**Task instructions**.
The answer must consist only of the lines from the line with "Definition ev_cond (a" to the line with "Definition in_ab (a", both included, exactly as they stand below.

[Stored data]
>>>>>

(* For every standard tableau $T$ of degree $n\ge2$ in which $2$ precedes $1$ in the reading word, $$\overset{*}{\mathbb B}{}_2^{(1)}T=R_{n-1}\bar\sigma_{n-2}\cdots\bar\sigma_1\,r_{(10\to11)}\,\tau_{-1}T.$$ Moreover, for every word $w$ with $(\mathrm{ev}_a,\mathrm{ev}_{a+1})\in\{(1,2),(2,1)\}$, $\sigma_a(w^R)=(\bar\sigma_aw)^R$, where $w^R=w_n\cdots w_1$ is the reversal of $w=w_1\cdots w_n$.
   Context: Tableaux (French convention: rows of lengths $\lambda_1\ge\lambda_2\ge\cdots$ from bottom to top). A tableau is a filling of a diagram, identified with (shape, reading word), the reading word listing the entries row by row from top row to bottom row, each row left to right; word operators act on tableaux via reading words, keeping the shape. Standard tableau of degree $n$: rows increase left to right, columns increase upwards, entries $1,\dots,n$ each once. $T^t$ is the transpose (reflection of diagram and entries across the main diagonal). Word operators (compositions act right to left): $\tau_{-1}$ subtracts $1$ from every letter; $r_{(ab\to cd)}$ applies to a word whose letters in $\{a,b\}$ are, left to right, exactly one $a$ then one $b$, and replaces them by $c$ and $d$ respectively; $R_a$ deletes all letters (cells) equal to $a$; for a word with $(\mathrm{ev}_a,\mathrm{ev}_{a+1})\in\{(1,2),(2,1)\}$ ($\mathrm{ev}_i$ = number of occurrences of $i$) and $b=a+1$, $\sigma_a$ replaces the subword of letters in $\{a,b\}$, in place, via $aab\leftrightarrow abb$, $aba\leftrightarrow bba$, $baa\leftrightarrow bab$, and $\bar\sigma_a$ replaces it via $aab\leftrightarrow bab$, $aba\leftrightarrow abb$, $baa\leftrightarrow bba$. For a standard tableau $T$ of degree $n\ge2$ in which $1$ precedes $2$ in the reading word, $\overset{*}{\mathbb B}{}_2^{(0)}T=R_{n-1}\sigma_{n-2}\cdots\sigma_1r_{(01\to11)}\tau_{-1}T$; for a standard $T$ of degree $n\ge2$ in which $2$ precedes $1$, $\overset{*}{\mathbb B}{}_2^{(1)}T=(\overset{*}{\mathbb B}{}_2^{(0)}T^t)^t$. *)

From mathcomp Require Import all_boot.

Set Implicit Arguments.
Unset Strict Implicit.
Unset Printing Implicit Defensive.

(* A cell (i, j): row i (row 0 is the bottom row, French convention),
   column j (column 0 is the leftmost). *)
Definition cell := (nat * nat)%type.

Definition rd_le (a b : cell) : bool :=
  (b.1 < a.1) || ((a.1 == b.1) && (a.2 <= b.2)).

(* The cells of the diagram of la (rows of lengths la_1, la_2, ... from
   bottom to top), listed in reading order. *)
Definition diagram (la : seq nat) : seq cell :=
  flatten [seq [seq (i, j) | j <- iota 0 (nth 0 la i)]
          | i <- rev (iota 0 (size la))].

Definition is_partition (la : seq nat) : bool :=
  sorted geq la && (0 \notin la).

(* A tableau is identified with (shape, reading word): the shape is the list
   of its cells in reading order, the word lists the entries in that order. *)
Definition tableau := (seq cell * seq nat)%type.

Definition tshape (T : tableau) : seq cell := T.1.
Definition tword (T : tableau) : seq nat := T.2.

Definition entry (T : tableau) (c : cell) : nat :=
  nth 0 (tword T) (index c (tshape T)).

Definition standard (n : nat) (T : tableau) : Prop :=
  exists la : seq nat,
    is_partition la /\ sumn la = n /\ tshape T = diagram la /\
    perm_eq (tword T) (iota 1 n) /\
    (forall i j, (i, j.+1) \in tshape T -> entry T (i, j) < entry T (i, j.+1)) /\
    (forall i j, (i.+1, j) \in tshape T -> entry T (i, j) < entry T (i.+1, j)).

Definition swapc (c : cell) : cell := (c.2, c.1).

Definition transpose (T : tableau) : tableau :=
  let S := sort rd_le (map swapc (tshape T)) in
  (S, [seq entry T (swapc c) | c <- S]).

Definition wact (f : seq nat -> seq nat) (T : tableau) : tableau :=
  (tshape T, f (tword T)).

Definition tau_m1 (w : seq nat) : seq nat := map predn w.

(* r_{(ab -> cd)}: on a word whose letters in {a,b} are, left to right,
   exactly one a then one b, replaces them by c and d respectively.
   (Total extension: every a becomes c, every b becomes d.) *)
Definition rop (a b c d : nat) (w : seq nat) : seq nat :=
  map (fun x => if x == a then c else if x == b then d else x) w.

Definition Rdel (a : nat) (T : tableau) : tableau :=
  (mask [seq x != a | x <- tword T] (tshape T), filter (predC1 a) (tword T)).

Definition ev (i : nat) (w : seq nat) : nat := count_mem i w.

Definition ev_cond (a : nat) (w : seq nat) : bool :=
  ((ev a w, ev a.+1 w) == (1, 2)) || ((ev a w, ev a.+1 w) == (2, 1)).

Fixpoint fill (P : pred nat) (w s : seq nat) : seq nat :=
  match w with
  | [::] => [::]
  | x :: w' => if P x then head x s :: fill P w' (behead s)
               else x :: fill P w' s
  end.

Definition in_ab (a : nat) : pred nat := fun x => (x == a) || (x == a.+1).

Definition sigma_rule (a : nat) (s : seq nat) : seq nat :=
  let b := a.+1 in
  if s == [:: a; a; b] then [:: a; b; b] else
  if s == [:: a; b; b] then [:: a; a; b] else
  if s == [:: a; b; a] then [:: b; b; a] else
  if s == [:: b; b; a] then [:: a; b; a] else
  if s == [:: b; a; a] then [:: b; a; b] else
  if s == [:: b; a; b] then [:: b; a; a] else s.

Definition sigmabar_rule (a : nat) (s : seq nat) : seq nat :=
  let b := a.+1 in
  if s == [:: a; a; b] then [:: b; a; b] else
  if s == [:: b; a; b] then [:: a; a; b] else
  if s == [:: a; b; a] then [:: a; b; b] else
  if s == [:: a; b; b] then [:: a; b; a] else
  if s == [:: b; a; a] then [:: b; b; a] else
  if s == [:: b; b; a] then [:: b; a; a] else s.

Definition sigma (a : nat) (w : seq nat) : seq nat :=
  fill (in_ab a) w (sigma_rule a (filter (in_ab a) w)).

Definition sigmabar (a : nat) (w : seq nat) : seq nat :=
  fill (in_ab a) w (sigmabar_rule a (filter (in_ab a) w)).

(* sigma_{n-2} ... sigma_1 (sigma_1 applied first). *)
Definition sigma_chain (n : nat) (w : seq nat) : seq nat :=
  foldl (fun w k => sigma k w) w (iota 1 (n - 2)).

Definition sigmabar_chain (n : nat) (w : seq nat) : seq nat :=
  foldl (fun w k => sigmabar k w) w (iota 1 (n - 2)).

Definition B0 (n : nat) (T : tableau) : tableau :=
  Rdel n.-1 (wact (sigma_chain n) (wact (rop 0 1 1 1) (wact tau_m1 T))).

Definition B1 (n : nat) (T : tableau) : tableau :=
  transpose (B0 n (transpose T)).

Definition precedes (x y : nat) (w : seq nat) : bool := index x w < index y w.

<<<<<

**Result for this task**.
Definition ev_cond (a : nat) (w : seq nat) : bool :=
  ((ev a w, ev a.+1 w) == (1, 2)) || ((ev a w, ev a.+1 w) == (2, 1)).

Fixpoint fill (P : pred nat) (w s : seq nat) : seq nat :=
  match w with
  | [::] => [::]
  | x :: w' => if P x then head x s :: fill P w' (behead s)
               else x :: fill P w' s
  end.

Definition in_ab (a : nat) : pred nat := fun x => (x == a) || (x == a.+1).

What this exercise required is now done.